Task instructions >>
Begin with the line containing "destruct (in_zone_sector i" and copy each line exactly through the last line of the entries, inclusive.

Extracted data entries:
Segment Open

Lemma route_inv_parent_tracked x y q : 0 <= x -> 0 <= y -> x + y <= P + Q -> zone_tracked x y ->
  valid_parent (x, y) q -> route_inv q.
Proof.
  intros Hx Hy Hmn (l & k & Hl & Hk & Hlev & Hsec & Htr) (_ & _ & H3 & H4 & H5).
  assert (HL : 0 < 2 ^ l) by (apply Z.pow_pos_nonneg; lia).
  assert (Hv : sector (2 ^ l) k x y) by (apply (tracks_sector P Q HP HQ); auto; lia).
  pose proof Hv as [Hv1 Hv2].
  assert (Hx2 : 2 <= x) by nia.
  assert (Hy2 : 2 <= y) by nia.
  assert (nc1 : ~ case1 (x, y)) by (unfold case1; cbn [fst snd]; lia).
  assert (nc2 : ~ case2 (x, y)) by (unfold case2; cbn [fst snd]; lia).
  (* y = 2 on the top diagonal would force k = 2^l - 1. *)
  assert (nc3 : ~ case3 (x, y)).
  { unfold case3, Ddiag; cbn [fst snd]. intros [Hy3 Hpow].
    apply (pow2_level_top l) in Hpow; [nia | lia | lia]. }
  destruct (Z.eq_dec (x + y) (2 ^ l + 1)) as [Hm1 | Hm1].
  - assert (c4 : case4 (x, y)).
    { unfold case4, Ddiag; cbn [fst snd].
      replace (x + y - 1) with (2 ^ l) by lia. now apply pow2_pow. }
    destruct (H4 nc1 nc2 nc3 c4) as [Hq Hodd].
    assert (Hl1 : 1 <= l) by (destruct (Z.eq_dec l 0) as [-> |]; [cbn in Hk; lia | lia]).
    assert (x = k + 1) as -> by nia.
    destruct Hq as [-> | ->]; cbn [pdown pleft fst snd] in Hodd |- *;
      apply (route_inv_on_pow2_diag l); cbn [fst snd]; auto; unfold sector in Hsec; nia.
  - assert (nc4 : ~ case4 (x, y)).
    { unfold case4, Ddiag; cbn [fst snd]. intros Hpow.
      apply (pow2_level_top l) in Hpow; lia. }
    destruct (H5 nc1 nc2 nc3 nc4) as (i & j & Hi & Hj & Hz & Hch).
    destruct (in_zone_sector i j x y ltac:(lia) Hj Hz) as [Hlev' Hsec'].
    assert (i = l) as -> by (apply (dyadic_level_unique i l (x + y)); lia).
    assert (j = k) as -> by (apply (sector_unique (2 ^ l) j k x y); auto; lia).
    destruct (Mid_closer l k x y Hl) as [Hdown Hleft].
    destruct Hch as [[-> Hc] | [-> Hc]]; unfold pdown, pleft; cbn [fst snd];
      apply route_inv_of_tracked; try lia;
      exists l, k; refine (conj Hl (conj Hk (conj _ (conj Hsec _)))); try lia.
    + apply tracks_pdown; auto; lia.
    + apply tracks_pleft; auto; lia.
Qed.

Lemma route_inv_root : P <= 1 \/ Q <= 1 \/ zone_tracked P Q -> route_inv (P, Q).
Proof. intros H. repeat split; cbn [fst snd]; auto; lia. Qed.

Lemma route_inv_parent v q : route_inv v -> v <> origin -> valid_parent v q -> route_inv q.
Proof.
  destruct v as [x y]. intros Hg Hv Hq.
  pose proof Hg as (Hx & Hy & Hm & _ & [Hx1 | [Hy1 | Ht]]); cbn [fst snd] in *.
  - now apply (route_inv_parent_low_x x y).
  - destruct (Z_le_gt_dec x 1).
    + now apply (route_inv_parent_low_x x y).
    + apply (route_inv_parent_low_y x y); auto; lia.
  - now apply (route_inv_parent_tracked x y).
Qed.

Segment Closed

Solution for this problem >>
    destruct (in_zone_sector i j x y ltac:(lia) Hj Hz) as [Hlev' Hsec'].
    assert (i = l) as -> by (apply (dyadic_level_unique i l (x + y)); lia).
    assert (j = k) as -> by (apply (sector_unique (2 ^ l) j k x y); auto; lia).
    destruct (Mid_closer l k x y Hl) as [Hdown Hleft].
    destruct Hch as [[-> Hc] | [-> Hc]]; unfold pdown, pleft; cbn [fst snd];
      apply route_inv_of_tracked; try lia;
      exists l, k; refine (conj Hl (conj Hk (conj _ (conj Hsec _)))); try lia.
    + apply tracks_pdown; auto; lia.
    + apply tracks_pleft; auto; lia.
Qed.

Lemma route_inv_root : P <= 1 \/ Q <= 1 \/ zone_tracked P Q -> route_inv (P, Q).
Proof. intros H. repeat split; cbn [fst snd]; auto; lia. Qed.

Lemma route_inv_parent v q : route_inv v -> v <> origin -> valid_parent v q -> route_inv q.
Proof.
  destruct v as [x y]. intros Hg Hv Hq.
  pose proof Hg as (Hx & Hy & Hm & _ & [Hx1 | [Hy1 | Ht]]); cbn [fst snd] in *.
  - now apply (route_inv_parent_low_x x y).
  - destruct (Z_le_gt_dec x 1).
    + now apply (route_inv_parent_low_x x y).
    + apply (route_inv_parent_low_y x y); auto; lia.
  - now apply (route_inv_parent_tracked x y).
Qed.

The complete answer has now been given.